= The Federal Trust =

Research institute based in the United Kingdom

The Federal Trust for Education and Research is a research institute studying the interactions between regional, national, European and global levels of government. Founded in 1945 on the initiative of Sir William Beveridge, it has long made a powerful contribution to the study of federalism and federal systems. It has always had a particular interest in the European Union and Britain’s place in it.

The Federal Trust has no allegiance to any political party. It is registered as a charity for the purposes of education and research.

==People==
The chairman of The Federal Trust is John Stevens.

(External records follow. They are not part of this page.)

(* Let $$E=(\{0\}\times[0,1])\cup\bigcup_{n=1}^\infty\Big(\big(\{\tfrac1n\}\times[0,1]\big)\cup\big([\tfrac{1}{2n},\tfrac{1}{2n-1}]\times\{1\}\big)\cup\big([\tfrac{1}{2n+1},\tfrac{1}{2n}]\times\{0\}\big)\Big)\subseteq[0,1]^2.$$ Then $E$ is a connected closed subset of $[0,1]^2$ which is neither arcwise connected nor locally connected, and $E$ is a $B_1$-retract of $[0,1]^2$.
   Context: A function $f:X\to Y$ between topological spaces is a Baire-one function if it is the pointwise limit of a sequence of continuous functions $f_n:X\to Y$. A subset $E$ of $X$ (with the subspace topology) is a $B_1$-retract of $X$ if there exists a Baire-one function $r:X\to E$ with $r(x)=x$ for all $x\in E$. *)

From Stdlib Require Import Reals Lra Lia.
Open Scope R_scope.

Definition pt := (R * R)%type.

Definition dist2 (p q : pt) : R :=
  sqrt ((fst p - fst q) ^ 2 + (snd p - snd q) ^ 2).

Definition square (p : pt) : Prop :=
  0 <= fst p <= 1 /\ 0 <= snd p <= 1.

Definition E (p : pt) : Prop :=
  let x := fst p in let y := snd p in
  (x = 0 /\ 0 <= y <= 1) \/
  exists n : nat, (1 <= n)%nat /\
    ( (x = 1 / INR n /\ 0 <= y <= 1)
   \/ (1 / INR (2 * n) <= x <= 1 / INR (2 * n - 1) /\ y = 1)
   \/ (1 / INR (2 * n + 1) <= x <= 1 / INR (2 * n) /\ y = 0) ).

Definition open2 (U : pt -> Prop) : Prop :=
  forall p, U p -> exists eps, eps > 0 /\ forall q, dist2 p q < eps -> U q.

Definition closed2 (A : pt -> Prop) : Prop :=
  forall p, (forall eps, eps > 0 -> exists q, A q /\ dist2 p q < eps) -> A p.

Definition connected2 (A : pt -> Prop) : Prop :=
  ~ exists U V : pt -> Prop,
      open2 U /\ open2 V /\
      (forall p, A p -> U p \/ V p) /\
      (exists p, A p /\ U p) /\ (exists p, A p /\ V p) /\
      (forall p, A p -> U p -> V p -> False).

(* A path/arc in A: gamma restricted to [0,1]. An arc is a homeomorphism of
   [0,1] onto its image: continuous, injective, with continuous inverse. *)
Definition is_arc_in (A : pt -> Prop) (gamma : R -> pt) : Prop :=
  (forall t, 0 <= t <= 1 -> A (gamma t)) /\
  (forall t, 0 <= t <= 1 -> forall eps, eps > 0 -> exists delta, delta > 0 /\
     forall s, 0 <= s <= 1 -> Rabs (s - t) < delta -> dist2 (gamma s) (gamma t) < eps) /\
  (forall s t, 0 <= s <= 1 -> 0 <= t <= 1 -> gamma s = gamma t -> s = t) /\
  (forall t, 0 <= t <= 1 -> forall eps, eps > 0 -> exists delta, delta > 0 /\
     forall s, 0 <= s <= 1 -> dist2 (gamma s) (gamma t) < delta -> Rabs (s - t) < eps).

Definition arcwise_connected2 (A : pt -> Prop) : Prop :=
  forall p q, A p -> A q -> p <> q ->
    exists gamma, is_arc_in A gamma /\ gamma 0 = p /\ gamma 1 = q.

Definition locally_connected2 (A : pt -> Prop) : Prop :=
  forall p U, A p -> open2 U -> U p ->
    exists V, open2 V /\ V p /\
      (forall q, A q -> V q -> U q) /\
      connected2 (fun q => A q /\ V q).

Definition continuous_on (X Y : pt -> Prop) (f : pt -> pt) : Prop :=
  (forall p, X p -> Y (f p)) /\
  forall p, X p -> forall eps, eps > 0 -> exists delta, delta > 0 /\
    forall q, X q -> dist2 p q < delta -> dist2 (f p) (f q) < eps.

Definition baire_one (X Y : pt -> Prop) (r : pt -> pt) : Prop :=
  (forall p, X p -> Y (r p)) /\
  exists f : nat -> pt -> pt,
    (forall n, continuous_on X Y (f n)) /\
    (forall p, X p -> forall eps, eps > 0 -> exists N, forall n, (n >= N)%nat ->
       dist2 (f n p) (r p) < eps).

Definition B1_retract (X A : pt -> Prop) : Prop :=
  exists r, baire_one X A r /\ forall p, A p -> r p = p.

(* Under [(x, y) ↦ (1/x, y)] the part of E off the axis [x = 0] becomes a comb over
   [t >= 1]: unit vertical segments over the integers, joined alternately by top bars
   [[2n-1, 2n] × {1}] and bottom bars [[2n, 2n+1] × {0}].  Walking along this chain shows
   that every clopen piece of E containing [(1, 0)] contains all segments, hence by
   accumulation the axis segment, so E is connected; off the axis E is locally a finite
   union of segments, so it is closed.  A path in E leaving the axis at time [m] must, by
   the intermediate value theorem, cross the interior of a top bar and of a bottom bar
   at times arbitrarily close to [m], contradicting continuity there; the same vertical
   lines cut every small neighbourhood of [(0, 1/2)], defeating local connectedness.
   Finally each strip [[k, k+1] × [0, 1]] retracts continuously onto its part of the comb,
   and these retractions glue to a continuous retraction of [(0, 1] × [0, 1]] onto
   [E ∖ axis]; precomposing with [x ↦ max x (1/(N+1))] gives continuous maps of the square
   into E that converge pointwise to a retraction fixing the axis. *)

From Stdlib Require Import Reals Lra Lia Classical ClassicalEpsilon.
Open Scope R_scope.

Lemma pow2_Rabs a : a ^ 2 = Rabs a ^ 2.
Proof. unfold Rabs; destruct (Rcase_abs a); ring. Qed.

Lemma dist2_ge_fst p q : Rabs (fst p - fst q) <= dist2 p q.
Proof.
  unfold dist2. rewrite <- (sqrt_pow2 (Rabs _)) by apply Rabs_pos.
  apply sqrt_le_1_alt. rewrite <- pow2_Rabs.
  pose proof (pow2_ge_0 (snd p - snd q)). lra.
Qed.

Lemma dist2_ge_snd p q : Rabs (snd p - snd q) <= dist2 p q.
Proof.
  unfold dist2. rewrite <- (sqrt_pow2 (Rabs _)) by apply Rabs_pos.
  apply sqrt_le_1_alt. rewrite <- pow2_Rabs.
  pose proof (pow2_ge_0 (fst p - fst q)). lra.
Qed.

Lemma dist2_le_sum p q : dist2 p q <= Rabs (fst p - fst q) + Rabs (snd p - snd q).
Proof.
  pose proof (Rabs_pos (fst p - fst q)); pose proof (Rabs_pos (snd p - snd q)).
  unfold dist2. rewrite <- (sqrt_pow2 (Rabs (fst p - fst q) + Rabs (snd p - snd q))) by lra.
  apply sqrt_le_1_alt. rewrite (pow2_Rabs (fst p - fst q)), (pow2_Rabs (snd p - snd q)).
  assert (0 <= Rabs (fst p - fst q) * Rabs (snd p - snd q)) by (apply Rmult_le_pos; lra).
  nra.
Qed.

Lemma dist2_sym p q : dist2 p q = dist2 q p.
Proof. unfold dist2. f_equal. ring. Qed.

Lemma dist2_refl p : dist2 p p = 0.
Proof.
  unfold dist2. replace ((fst p - fst p) ^ 2 + (snd p - snd p) ^ 2) with 0 by ring.
  apply sqrt_0.
Qed.

Lemma dist2_same_snd p q : snd p = snd q -> dist2 p q = Rabs (fst p - fst q).
Proof.
  intro H. unfold dist2. rewrite H, Rminus_diag, pow_i, Rplus_0_r by lia.
  rewrite pow2_Rabs. apply sqrt_pow2, Rabs_pos.
Qed.

Lemma dist2_same_fst p q : fst p = fst q -> dist2 p q = Rabs (snd p - snd q).
Proof.
  intro H. unfold dist2. rewrite H, Rminus_diag, pow_i, Rplus_0_l by lia.
  rewrite pow2_Rabs. apply sqrt_pow2, Rabs_pos.
Qed.

Lemma open2_fst_lt c : open2 (fun q => fst q < c).
Proof.
  intros q Hq. exists (c - fst q). split; [lra|]. intros q' Hq'.
  pose proof (dist2_ge_fst q q'). unfold Rabs in *; destruct Rcase_abs; lra.
Qed.

Lemma open2_fst_gt c : open2 (fun q => c < fst q).
Proof.
  intros q Hq. exists (fst q - c). split; [lra|]. intros q' Hq'.
  pose proof (dist2_ge_fst q q'). unfold Rabs in *; destruct Rcase_abs; lra.
Qed.

(** * Continuity in the plane *)

Definition rcont (f : pt -> R) : Prop :=
  forall p eps, eps > 0 -> exists d, d > 0 /\
    forall q, dist2 p q < d -> Rabs (f q - f p) < eps.

Definition nonexpansive2 (op : R -> R -> R) : Prop :=
  forall a b c d, Rabs (op a b - op c d) <= Rabs (a - c) + Rabs (b - d).

Lemma Rplus_nonexpansive2 : nonexpansive2 Rplus.
Proof.
  intros a b c d. replace (a + b - (c + d)) with ((a - c) + (b - d)) by ring.
  apply Rabs_triang.
Qed.

Lemma Rminus_nonexpansive2 : nonexpansive2 Rminus.
Proof.
  intros a b c d. replace (a - b - (c - d)) with ((a - c) + - (b - d)) by ring.
  rewrite <- (Rabs_Ropp (b - d)). apply Rabs_triang.
Qed.

Lemma Rmax_nonexpansive2 : nonexpansive2 Rmax.
Proof.
  intros a b c d. unfold Rmax, Rabs.
  destruct (Rle_dec a b), (Rle_dec c d); repeat destruct Rcase_abs; lra.
Qed.

Lemma Rmin_nonexpansive2 : nonexpansive2 Rmin.
Proof.
  intros a b c d. unfold Rmin, Rabs.
  destruct (Rle_dec a b), (Rle_dec c d); repeat destruct Rcase_abs; lra.
Qed.

Lemma rcont_const c : rcont (fun _ => c).
Proof.
  intros p eps He. exists 1. split; [lra|]. intros.
  rewrite Rminus_diag, Rabs_R0. lra.
Qed.

Lemma rcont_fst : rcont fst.
Proof.
  intros p eps He. exists eps. split; [lra|]. intros q Hq.
  pose proof (dist2_ge_fst p q). rewrite Rabs_minus_sym. lra.
Qed.

Lemma rcont_snd : rcont snd.
Proof.
  intros p eps He. exists eps. split; [lra|]. intros q Hq.
  pose proof (dist2_ge_snd p q). rewrite Rabs_minus_sym. lra.
Qed.

Lemma rcont_nonexpansive2 op f g :
  nonexpansive2 op -> rcont f -> rcont g -> rcont (fun p => op (f p) (g p)).
Proof.
  intros Hop Hf Hg p eps He.
  destruct (Hf p (eps / 2)) as [d1 [Hd1 H1]]; [lra|].
  destruct (Hg p (eps / 2)) as [d2 [Hd2 H2]]; [lra|].
  exists (Rmin d1 d2). split; [apply Rmin_pos; lra|].
  intros q Hq. pose proof (Rmin_l d1 d2); pose proof (Rmin_r d1 d2).
  specialize (H1 q ltac:(lra)). specialize (H2 q ltac:(lra)).
  pose proof (Hop (f q) (g q) (f p) (g p)). lra.
Qed.

Lemma rcont_abs f : rcont f -> rcont (fun p => Rabs (f p)).
Proof.
  intros Hf p eps He. destruct (Hf p eps He) as [d [Hd H]]. exists d. split; [exact Hd|].
  intros q Hq. eapply Rle_lt_trans; [apply Rabs_triang_inv2|]. exact (H q Hq).
Qed.

Lemma rcont_mult f g : rcont f -> rcont g -> rcont (fun p => f p * g p).
Proof.
  intros Hf Hg p eps He.
  set (A := Rabs (f p) + 1). set (B := Rabs (g p) + 1).
  assert (HA : A > 0) by (unfold A; pose proof (Rabs_pos (f p)); lra).
  assert (HB : B > 0) by (unfold B; pose proof (Rabs_pos (g p)); lra).
  destruct (Hg p (Rmin 1 (eps / (2 * A)))) as [d2 [Hd2 H2]].
  { apply Rmin_pos; [lra|]. apply Rdiv_lt_0_compat; lra. }
  destruct (Hf p (eps / (2 * B))) as [d1 [Hd1 H1]]; [apply Rdiv_lt_0_compat; lra|].
  exists (Rmin d1 d2). split; [apply Rmin_pos; lra|].
  intros q Hq. pose proof (Rmin_l d1 d2); pose proof (Rmin_r d1 d2).
  specialize (H1 q ltac:(lra)). specialize (H2 q ltac:(lra)).
  pose proof (Rmin_l 1 (eps / (2 * A))); pose proof (Rmin_r 1 (eps / (2 * A))).
  replace (f q * g q - f p * g p) with ((f q - f p) * g q + f p * (g q - g p)) by ring.
  eapply Rle_lt_trans; [apply Rabs_triang|]. rewrite !Rabs_mult.
  assert (Hg_bound : Rabs (g q) <= B).
  { unfold B. pose proof (Rabs_triang_inv (g q) (g p)). lra. }
  assert (T1 : Rabs (f q - f p) * Rabs (g q) <= eps / 2).
  { replace (eps / 2) with (eps / (2 * B) * B) by (field; lra).
    apply Rmult_le_compat; try apply Rabs_pos; lra. }
  assert (T2 : Rabs (f p) * Rabs (g q - g p) < eps / 2).
  { apply Rle_lt_trans with ((A - 1) * (eps / (2 * A))).
    - apply Rmult_le_compat; try apply Rabs_pos; [unfold A; lra | lra].
    - replace (eps / 2) with (A * (eps / (2 * A))) by (field; lra).
      apply Rmult_lt_compat_r; [apply Rdiv_lt_0_compat|]; lra. }
  lra.
Qed.

Definition continuous_at2 (F : pt -> pt) (p : pt) : Prop :=
  forall eps, eps > 0 -> exists d, d > 0 /\
    forall q, dist2 p q < d -> dist2 (F p) (F q) < eps.

Lemma continuous_at2_pair f g p : rcont f -> rcont g -> continuous_at2 (fun q => (f q, g q)) p.
Proof.
  intros Hf Hg eps He.
  destruct (Hf p (eps / 2)) as [d1 [Hd1 H1]]; [lra|].
  destruct (Hg p (eps / 2)) as [d2 [Hd2 H2]]; [lra|].
  exists (Rmin d1 d2). split; [apply Rmin_pos; lra|].
  intros q Hq. pose proof (Rmin_l d1 d2); pose proof (Rmin_r d1 d2).
  specialize (H1 q ltac:(lra)). specialize (H2 q ltac:(lra)).
  eapply Rle_lt_trans; [apply dist2_le_sum|]. simpl.
  rewrite (Rabs_minus_sym (f p)), (Rabs_minus_sym (g p)). lra.
Qed.

Lemma continuous_at2_comp F G p :
  continuous_at2 F p -> continuous_at2 G (F p) -> continuous_at2 (fun q => G (F q)) p.
Proof.
  intros HF HG eps He. destruct (HG eps He) as [d1 [Hd1 H1]].
  destruct (HF d1 Hd1) as [d2 [Hd2 H2]]. exists d2. split; auto.
Qed.

Lemma Rinv_continuous_at x : x <> 0 -> forall eps, eps > 0 -> exists d, d > 0 /\
  forall x', Rabs (x' - x) < d -> Rabs (/ x' - / x) < eps.
Proof.
  intros Hx eps He.
  destruct (continuity_pt_inv id x (derivable_continuous_pt _ _ (derivable_pt_id x)) Hx eps He)
    as [d [Hd H]].
  exists d; split; [exact Hd|]. intros x' Hx'.
  destruct (Req_dec x' x) as [->|Hne]; [rewrite Rminus_diag, Rabs_R0; lra|].
  exact (H x' (conj (conj I (not_eq_sym Hne)) Hx')).
Qed.

Definition invx (p : pt) : pt := (1 / fst p, snd p).

Lemma continuous_at2_invx p : fst p <> 0 -> continuous_at2 invx p.
Proof.
  intros Hp eps He. destruct (Rinv_continuous_at (fst p) Hp (eps / 2)) as [d [Hd H]]; [lra|].
  exists (Rmin d (eps / 2)). split; [apply Rmin_pos; lra|].
  intros q Hq. pose proof (Rmin_l d (eps / 2)); pose proof (Rmin_r d (eps / 2)).
  pose proof (dist2_ge_fst p q) as Hfst; pose proof (dist2_ge_snd p q).
  eapply Rle_lt_trans; [apply dist2_le_sum|]. unfold invx; simpl.
  rewrite Rabs_minus_sym in Hfst. specialize (H (fst q) ltac:(lra)).
  unfold Rdiv. rewrite !Rmult_1_l, Rabs_minus_sym. lra.
Qed.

=== Senior research fellows ===
- Dr Karine Lisbonne – Azais de Vergeron Dr Karine de Vergeron is associate director and head of Europe Programme at the Global Policy Institute. She has extensive experience in international relations and issues relating to European politics, culture and identity, and the relationship between Europe, China and India as well as the Belt and Road Initiative. She initiated several research projects on non-European views of Europe – Chinese and Indian Views of Europe – jointly with Chatham House in the United Kingdom and the Robert Schuman Foundation in France since 2006. She was the Federal Trust lead of the EU-India Think Tank Twinning project (2018–2020).
- Professor Colin Talbot is emeritus professor of government at the University of Manchester and a research affiliate at the University of Cambridge. He has extensive experience of researching, advising, consulting and teaching about Government and public services at all levels. His main research work has been on strategies, structures and performance of the institutions of government and he has published several books and numerous articles for both academic and more popular audiences. He led the Federal Trust's work on Federal Futures in the UK and Intergovernmental relations in the UK.
- Professor Jo Shaw (BA Cantab, LenDr Brussels, FRSA) has been professor of European law and Jean Monnet Chair at the University of Manchester since September 2001. She directed the trust's study on Constitutionalism, Federalism and the Reform of the European Union.
- Professor Stanley Henig is a former MP and leader of Lancaster City Council. Until 1999 he was secretary of the Labour Group on the Local Government Association. He is the author and/or editor of many books on British and European politics, of which the most recent are The Uniting of Europe: From Discord to Concord (Routledge, 1997) and The Kosovo Crisis: America's Last War in Europe? (Reuters, 2001).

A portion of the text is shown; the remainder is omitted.